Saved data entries
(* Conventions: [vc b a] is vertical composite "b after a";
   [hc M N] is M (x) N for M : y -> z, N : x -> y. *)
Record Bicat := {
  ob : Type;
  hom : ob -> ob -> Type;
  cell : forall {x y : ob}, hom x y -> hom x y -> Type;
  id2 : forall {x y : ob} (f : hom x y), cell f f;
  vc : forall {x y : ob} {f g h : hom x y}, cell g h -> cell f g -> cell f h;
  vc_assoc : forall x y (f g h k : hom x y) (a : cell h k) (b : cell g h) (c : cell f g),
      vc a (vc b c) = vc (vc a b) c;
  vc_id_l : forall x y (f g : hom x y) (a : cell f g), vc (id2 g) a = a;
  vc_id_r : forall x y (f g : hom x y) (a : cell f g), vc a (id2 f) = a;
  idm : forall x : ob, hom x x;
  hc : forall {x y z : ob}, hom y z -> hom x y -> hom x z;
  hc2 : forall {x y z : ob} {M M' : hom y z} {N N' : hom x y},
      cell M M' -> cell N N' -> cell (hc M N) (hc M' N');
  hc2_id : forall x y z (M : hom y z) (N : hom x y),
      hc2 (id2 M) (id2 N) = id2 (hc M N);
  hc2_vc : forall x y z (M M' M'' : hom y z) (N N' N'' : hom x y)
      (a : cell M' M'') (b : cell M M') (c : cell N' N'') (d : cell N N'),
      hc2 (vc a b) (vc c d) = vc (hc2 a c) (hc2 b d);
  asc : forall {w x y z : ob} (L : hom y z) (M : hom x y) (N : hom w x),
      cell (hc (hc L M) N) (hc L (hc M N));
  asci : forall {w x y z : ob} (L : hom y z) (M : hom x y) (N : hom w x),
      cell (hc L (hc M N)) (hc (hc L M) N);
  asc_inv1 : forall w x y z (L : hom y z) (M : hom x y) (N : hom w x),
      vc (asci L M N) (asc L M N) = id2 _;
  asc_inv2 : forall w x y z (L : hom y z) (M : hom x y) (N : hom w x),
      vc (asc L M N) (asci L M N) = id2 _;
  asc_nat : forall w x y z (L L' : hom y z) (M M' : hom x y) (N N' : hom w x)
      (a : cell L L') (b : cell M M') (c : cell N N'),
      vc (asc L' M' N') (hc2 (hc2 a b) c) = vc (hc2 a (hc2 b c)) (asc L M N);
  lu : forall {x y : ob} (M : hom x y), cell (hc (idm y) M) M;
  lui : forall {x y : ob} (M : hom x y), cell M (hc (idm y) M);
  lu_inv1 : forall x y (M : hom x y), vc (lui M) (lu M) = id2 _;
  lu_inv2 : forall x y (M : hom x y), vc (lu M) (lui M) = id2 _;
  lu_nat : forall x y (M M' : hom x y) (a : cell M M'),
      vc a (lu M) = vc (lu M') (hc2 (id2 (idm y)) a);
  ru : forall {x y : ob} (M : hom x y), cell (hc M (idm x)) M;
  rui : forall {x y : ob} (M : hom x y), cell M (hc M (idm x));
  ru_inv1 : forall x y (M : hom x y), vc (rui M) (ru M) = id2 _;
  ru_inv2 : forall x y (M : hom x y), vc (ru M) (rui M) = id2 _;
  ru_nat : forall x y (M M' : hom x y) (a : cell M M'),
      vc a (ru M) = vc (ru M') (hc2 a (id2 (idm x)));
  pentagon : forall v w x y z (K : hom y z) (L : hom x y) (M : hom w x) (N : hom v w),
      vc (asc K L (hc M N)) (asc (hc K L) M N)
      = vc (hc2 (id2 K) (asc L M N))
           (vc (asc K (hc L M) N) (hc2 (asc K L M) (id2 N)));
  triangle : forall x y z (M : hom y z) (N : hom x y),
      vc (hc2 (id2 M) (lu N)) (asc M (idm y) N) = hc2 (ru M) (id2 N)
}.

ASSIGNMENT:
All lines above from the one holding "hc2_vc : forall" to the one holding "vc (asc L' M'", inclusive, are to be copied exactly; no other line is wanted.

TASK ANSWER:
  hc2_vc : forall x y z (M M' M'' : hom y z) (N N' N'' : hom x y)
      (a : cell M' M'') (b : cell M M') (c : cell N' N'') (d : cell N N'),
      hc2 (vc a b) (vc c d) = vc (hc2 a c) (hc2 b d);
  asc : forall {w x y z : ob} (L : hom y z) (M : hom x y) (N : hom w x),
      cell (hc (hc L M) N) (hc L (hc M N));
  asci : forall {w x y z : ob} (L : hom y z) (M : hom x y) (N : hom w x),
      cell (hc L (hc M N)) (hc (hc L M) N);
  asc_inv1 : forall w x y z (L : hom y z) (M : hom x y) (N : hom w x),
      vc (asci L M N) (asc L M N) = id2 _;
  asc_inv2 : forall w x y z (L : hom y z) (M : hom x y) (N : hom w x),
      vc (asc L M N) (asci L M N) = id2 _;
  asc_nat : forall w x y z (L L' : hom y z) (M M' : hom x y) (N N' : hom w x)
      (a : cell L L') (b : cell M M') (c : cell N N'),
      vc (asc L' M' N') (hc2 (hc2 a b) c) = vc (hc2 a (hc2 b c)) (asc L M N);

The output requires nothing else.